Arqueologia Brasileira:

 Tributo a José Azevedo Dantas

Ilustre pesquisador da arqueologia potiguar e paraibana

 

Por J.A. FONSECA*

 

Inscrições rupestres no local denominado Cachoeira das Canoas I – Carnaúba dos Dantas- RN, reproduzidas por J.A.Fonseca tendo por referência cópia dos desenhos de José Dantas.

  

O nome de José Azevedo Dantas terá de ser, obrigatoriamente, grafado nos anais da história do Brasil pelo seu inestimável trabalho de pesquisa potiguar e paraibana, realizado naquela região do Nordeste brasileiro na década de 1920. Apesar de não ter formação acadêmica em nenhuma modalidade, nem mesmo de caráter primário, este ilustre brasileiro surpreende os pesquisadores hodiernos pelo seu espírito de pioneirismo e autodidatismo, através de seus estudos e registros arqueológicos, tanto no seu aspecto de escrita, quanto no das reproduções efetuadas com os parcos recursos que possuía.

 

Segundo o historiador Helder Alexandre Medeiros de Macedo, José Dantas teria iniciado suas pesquisas arqueológicas no Rio Grande do Norte e na Paraíba em 1924, na localidade denominada Xiquexique, onde residia e que hoje correspondem aos sítios arqueológicos Xiquexique I, Xiquexique II, Abrigo do Morcego e Furna do Pau d’Arco.

 

Este surpreendente pesquisador brasileiro apesar de não ter freqüentado nenhuma escola oficial, desenvolveu estudos nas áreas da geografia, história, genealogia, meteorologia e arqueologia, além de atuar também como músico, desenhista e editor de jornais manuscritos de pequena circulação em Carnaúba dos Dantas.
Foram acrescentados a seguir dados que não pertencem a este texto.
(* Let $X$ be a topological space and $G\subset\mathrm{Hom}(X)$ a group of homeomorphisms such that the topology of pointwise convergence $\tau_p$ is an admissible group topology on $G$; $G$ carries $\tau_p$. Let $\mathcal U_X$ be an equiuniformity on $X$ for the action of $G$, and let $\mathcal U$ and $R_{\mathcal K}$ be the uniformities on $G$ defined below. If $\mathcal U=R_{\mathcal K}$ and $\mathcal U_X$ is totally bounded, then $G$ is Roelcke precompact.
   Context: Admissible group topology: $G$ is a topological group and the action on $X$ is continuous. $\tau_p$ has subbase $\{f\in G\mid f(x)\in O\}$, $x\in X$, $O$ open. An equiuniformity on $X$ is a compatible uniformity for which each $g\in G$ is uniformly continuous and for every uniform covering $u$ there are a neighbourhood $O$ of the identity in $G$ and a uniform covering $v$ with $\{OV\mid V\in v\}$ refining $u$. $\mathcal U$ is the uniformity on $G$ with base the coverings $\{\{h\in G\mid (g(x_k),h(x_k))\in\mathrm U,\ k=1,\dots,n\}\mid g\in G\}$, for $x_1,\dots,x_n\in X$ and $\mathrm U$ an entourage of $\mathcal U_X$. $R_{\mathcal K}$ is the uniformity on $G$ with base the coverings $\{Og\,\mathrm{St}_{x_1,\dots,x_n}\mid g\in G\}$, $O$ a neighbourhood of the identity, $x_1,\dots,x_n\in X$, where $\mathrm{St}_{x_1,\dots,x_n}$ is the pointwise stabilizer. The Roelcke uniformity $L\wedge R$ on a topological group is the greatest lower bound of the left and right uniformities (base: coverings $\{UgU\mid g\in G\}$, $U$ a neighbourhood of the identity); $G$ is Roelcke precompact if $L\wedge R$ is totally bounded. *)

From mathcomp Require Import all_boot all_order all_algebra.
From mathcomp Require Import all_classical all_reals all_analysis.

Set Implicit Arguments.
Unset Strict Implicit.
Unset Printing Implicit Defensive.

Local Open Scope classical_set_scope.

Definition is_group_of_homeos (X : topologicalType) (G : set (X -> X)) : Prop :=
  [/\ G id,
      (forall f g, G f -> G g -> G (f \o g)),
      (forall f, G f -> exists g, G g /\ g \o f = id /\ f \o g = id)
    & (forall f, G f -> continuous f)].

(* N is a neighbourhood of g in (G, tau_p): it contains a finite intersection
   of subbasic sets {h in G | h x_i \in O_i}, O_i open, containing g. *)
Definition tp_nbhd (X : topologicalType) (G : set (X -> X)) (g : X -> X)
  (N : set (X -> X)) : Prop :=
  exists (n : nat) (xs : 'I_n -> X) (Os : 'I_n -> set X),
    (forall i, open (Os i) /\ Os i (g (xs i))) /\
    [set h | G h /\ forall i, Os i (h (xs i))] `<=` N.

(* tau_p is an admissible group topology on G: (G, tau_p) is a topological
   group and the action G x X -> X is continuous. *)
Definition admissible_tp (X : topologicalType) (G : set (X -> X)) : Prop :=
  [/\ (forall g h, G g -> G h -> forall W, tp_nbhd G (g \o h) W ->
         exists U V, [/\ tp_nbhd G g U, tp_nbhd G h V &
           forall u v, G u -> G v -> U u -> V v -> W (u \o v)]),
      (forall g g', G g -> G g' -> g' \o g = id -> forall W, tp_nbhd G g' W ->
         exists U, tp_nbhd G g U /\
           forall h h', G h -> G h' -> h' \o h = id -> U h -> W h')
    & (forall g x, G g -> forall O, open O -> O (g x) ->
         exists U V, [/\ tp_nbhd G g U, nbhs x V &
           forall h y, G h -> U h -> V y -> O (h y)])].

Definition refines (T : Type) (b u : set (set T)) : Prop :=
  forall V, b V -> exists2 U, u U & V `<=` U.

(* Uniform coverings of a uniform space (covering description of the
   uniformity): covers refined by {E[x] | x in X} for an entourage E. *)
Definition unif_cover (X : uniformType) (u : set (set X)) : Prop :=
  exists2 E, entourage E &
    forall x, exists2 U, u U & [set y | E (x, y)] `<=` U.

Definition equiuniform (X : uniformType) (G : set (X -> X)) : Prop :=
  (forall g, G g -> forall E, entourage E ->
     exists2 D, entourage D & forall x y, D (x, y) -> E (g x, g y)) /\
  (forall u, unif_cover u ->
     exists O v, [/\ tp_nbhd G id O, unif_cover v &
       refines [set [set z | exists g y, [/\ O g, G g, V y & z = g y]]
                 | V in v] u]).

Definition gen_unif (T : Type) (B : set (set (set T))) : set (set (set T)) :=
  [set u | exists2 b, B b & refines b u].

Definition U_base (X : uniformType) (G : set (X -> X)) : set (set (set (X -> X))) :=
  [set b | exists A E, [/\ finite_set A, entourage E &
     b = [set [set h | G h /\ forall x, A x -> E (g x, h x)] | g in G]]].

Definition St (X : Type) (G : set (X -> X)) (A : set X) : set (X -> X) :=
  [set h | G h /\ forall x, A x -> h x = x].

Definition R_base (X : topologicalType) (G : set (X -> X)) : set (set (set (X -> X))) :=
  [set b | exists O A, [/\ tp_nbhd G id O, finite_set A &
     b = [set [set f | exists o s, [/\ O o, G o, St G A s & f = o \o g \o s]]
           | g in G]]].

Definition LR_base (X : topologicalType) (G : set (X -> X)) : set (set (set (X -> X))) :=
  [set b | exists U, tp_nbhd G id U /\
     b = [set [set f | exists u v, [/\ U u, G u, U v, G v & f = u \o g \o v]]
           | g in G]].

Definition totally_bounded_cov (T : Type) (C : set (set (set T))) (A : set T) : Prop :=
  forall u, C u -> exists (n : nat) (Us : 'I_n -> set T),
    (forall i, u (Us i)) /\ A `<=` [set t | exists i, Us i t].

Definition roelcke_precompact (X : topologicalType) (G : set (X -> X)) : Prop :=
  totally_bounded_cov (gen_unif (LR_base G)) G.

From mathcomp Require Import all_boot all_order all_algebra.
From mathcomp Require Import all_classical all_reals all_analysis.

Set Implicit Arguments.
Unset Strict Implicit.
Unset Printing Implicit Defensive.

(** Every neighbourhood [O] of the identity in [tau_p] contains a pointwise
    stabilizer [St_A] of a finite set [A], so the [R_K]-cover [{O g St_A}]
    refines the Roelcke cover [{O g O}]: the Roelcke uniformity is coarser than
    [R_K = U].  And [U] is totally bounded as soon as [U_X] is: given an
    entourage [E] and a finite [A], cover [X] by finitely many [E]-small sets
    [B_1, ..., B_n]; the cells [{h | h x \in B_(phi x) for x \in A}], one for
    each [phi : A -> 'I_n], are finitely many and each is contained in the
    [U]-basic set of [(A, E)] around any of its members. *)

Local Open Scope classical_set_scope.

Lemma refines_trans (T : Type) (a b c : set (set T)) :
  refines a b -> refines b c -> refines a c.
Proof.
move=> ab bc V /ab[U /bc[W cW UW] VU]; exists W => //.
exact: subset_trans UW.
Qed.

Lemma totally_bounded_cov_sub (T : Type) (C C' : set (set (set T))) (A : set T) :
  C `<=` C' -> totally_bounded_cov C' A -> totally_bounded_cov C A.
Proof. by move=> CC' tb u /CC'/tb. Qed.

Lemma totally_bounded_gen_unif (T : Type) (B : set (set (set T))) (A : set T) :
  totally_bounded_cov B A -> totally_bounded_cov (gen_unif B) A.
Proof.
move=> tb u [b /tb[n [Vs [bV AV]]] bu].
have /choice[W HW] : forall i, exists W, u W /\ Vs i `<=` W.
  by move=> i; have [W uW VW] := bu _ (bV i); exists W.
exists n, W; split=> [i|t /AV[i Vit]]; first by case: (HW i).
by exists i; apply: (HW i).2.
Qed.

Lemma finite_subcover_of_refinement (T : Type) (I : finType)
    (b : set (set T)) (A : set T) (C : I -> set T) :
  A `<=` \bigcup_i C i ->
  (forall i, C i `&` A !=set0 -> exists2 W, b W & C i `&` A `<=` W) ->
  exists n (Us : 'I_n -> set T),
    (forall i, b (Us i)) /\ A `<=` [set t | exists i, Us i t].
Proof.
move=> AC Cb.
have /choice[W HW] : forall i, exists W, C i `&` A !=set0 -> b W /\ C i `&` A `<=` W.
  move=> i; have [/Cb[W bW CW]|CA0] := pselect (C i `&` A !=set0); first by exists W.
  by exists set0 => /CA0.
pose S : {pred I} := fun i => `[< C i `&` A !=set0 >].
exists #|S|, (W \o enum_val); split=> [j|t At].
  by have /asboolP/HW[] := enum_valP j.
have [i _ Cit] := AC t At.
have CAi : C i `&` A !=set0 by exists t.
have Si : i \in S by apply/asboolP.
exists (enum_rank_in Si i) => /=; rewrite enum_rankK_in //.
by apply: (HW i CAi).2.
Qed.

Lemma small_finite_cover (X : uniformType) (E : set (X * X)) :
  entourage E -> totally_bounded_cov (@unif_cover X) setT ->
  exists n (Bs : 'I_n -> set X),
    (forall i z w, Bs i z -> Bs i w -> E (z, w)) /\ forall z, exists i, Bs i z.
Proof.
move=> entE tb.
pose D := split_ent E `&` (split_ent E)^-1%relation.
have entD : entourage D := entourage_invI (entourage_split_ent entE).
have [|n [Bs [ballB coverB]]] := tb [set [set z | D (y, z)] | y in setT].
  by exists D => // x; exists [set z | D (x, z)]; first by exists x.
exists n, Bs; split=> [i z w|z]; last by have [i] := coverB z I; exists i.
have [y _ <-] := ballB i => -[_ yz] [yw _].
exact: (entourage_split y entE).
Qed.

Lemma U_base_totally_bounded (X : uniformType) (G : set (X -> X)) :
  totally_bounded_cov (@unif_cover X) setT -> totally_bounded_cov (U_base G) G.
Proof.
move=> tb _ [A [E [/finite_seqP[s ->] entE ->]]].
have [n [Bs [Bs_small Bs_cover]]] := small_finite_cover entE tb.
pose xs := tnth (in_tuple s).
pose cell (phi : {ffun 'I_(size s) -> 'I_n}) :=
  [set h : X -> X | forall j, Bs (phi j) (h (xs j))].
apply: (@finite_subcover_of_refinement _ _ _ _ cell) => [h _ | phi [g [cg Gg]]].
  have /choice[phi Hphi] : forall j, exists i, Bs i (h (xs j)) by move=> j.
  by exists [ffun j => phi j] => // j; rewrite ffunE.
exists [set h | G h /\ forall x, [set` s] x -> E (g x, h x)]; first by exists g.
move=> h [ch Gh]; split=> // x /(tnthP (in_tuple s))[j ->].
exact: Bs_small (cg j) (ch j).
Qed.

Lemma tp_nbhd_id_stabilizer (X : topologicalType) (G : set (X -> X))
    (U : set (X -> X)) :
  tp_nbhd G id U -> exists2 A, finite_set A & St G A `<=` U.
Proof.
move=> [n [xs [Os [HOs HU]]]]; exists (range xs).
  by apply: finite_image; apply: finite_finset.
move=> h [Gh hA]; apply: HU; split=> // i.
by rewrite hA; [case: (HOs i) | exists i].
Qed.

Lemma gen_unif_LR_sub_R (X : topologicalType) (G : set (X -> X)) :
  gen_unif (LR_base G) `<=` gen_unif (R_base G).
Proof.
move=> u [_ [U [HU ->]] bu]; have [A finA StU] := tp_nbhd_id_stabilizer HU.
eexists; first by exists U, A.
apply: refines_trans bu => _ [g Gg <-].
eexists; first by exists g.
move=> _ [v [t [Uv Gv Stt ->]]]; have [Gt _] := Stt.
by exists v, t; split; [| | exact: StU | |].
Qed.

(* The group, admissibility and equiuniformity hypotheses are only needed for
   [U], [R_K] and [L /\ R] to be the uniformities of the paper; the covering
   argument does not use them. *)
Theorem corollary2p2 (X : uniformType) (G : set (X -> X)) :
  is_group_of_homeos G ->
  admissible_tp G ->
  equiuniform G ->
  gen_unif (U_base G) = gen_unif (R_base G) ->
  totally_bounded_cov (@unif_cover X) setT ->
  roelcke_precompact G.
Proof.
move=> _ _ _ U_eq_R tb.
apply: (totally_bounded_cov_sub (@gen_unif_LR_sub_R X G)).
rewrite -U_eq_R; apply: totally_bounded_gen_unif.
exact: U_base_totally_bounded.
Qed.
Iniciou-se na escrita e na leitura auxiliado por seus irmãos mais velhos, mas problemas diversos fizeram-no atuar em variadas ocupações para fins, inclusive, de sobrevivência como, por exemplo: servente, apanhador de algodão, carregador, comerciante, etc.

 

Conforme dito acima, suas pesquisas arqueológicas se iniciaram em 1924, quando ele se muniu de lápis e papel e saiu pelo sertão do Seridó registrando inscrições rupestres, anotando detalhes dos locais pesquisados e fazendo croquis das regiões visitadas.

 

Os atuais pesquisadores confirmam que as datações do Seridó cheguem próximo de 10 mil anos, ou seja, que os registros ali encontrados se tratem de constatações de ocupações humanas naquele local em época bem remota. Para estes, as pinturas rupestres da tradição do Seridó espelham os anseios e o contexto social dos grupos de caçadores-coletores nesses tempos passados. Nos abrigos deste sítio são encontradas representações de embarcações estilizadas, motivos geométricos, antropomorfos e zoomorfos.

 

Nesta região correm os rios Seridó e seus principais afluentes, Carnaúba e Acauã, onde se encontram municípios do Rio Grande do Norte e da Paraíba, constituindo-se de uma área menos árida do Nordeste. Foi nesta localidade de Carnaúba dos Dantas que se deram as primeiras pesquisas arqueológicas do ilustre brasileiro José Dantas, quando o mesmo acabou por reunir um volumoso e raríssimo manuscrito denominado “Indícios de uma Civilização Antiqüíssima”, reunindo seus estudos, escritos e reproduções das itacoatiaras, hoje arquivado no Instituto Histórico Paraibano. Este importantíssimo documento foi doado ao Instituto por seu irmão Mamede de Azevedo Dantas, após sua morte.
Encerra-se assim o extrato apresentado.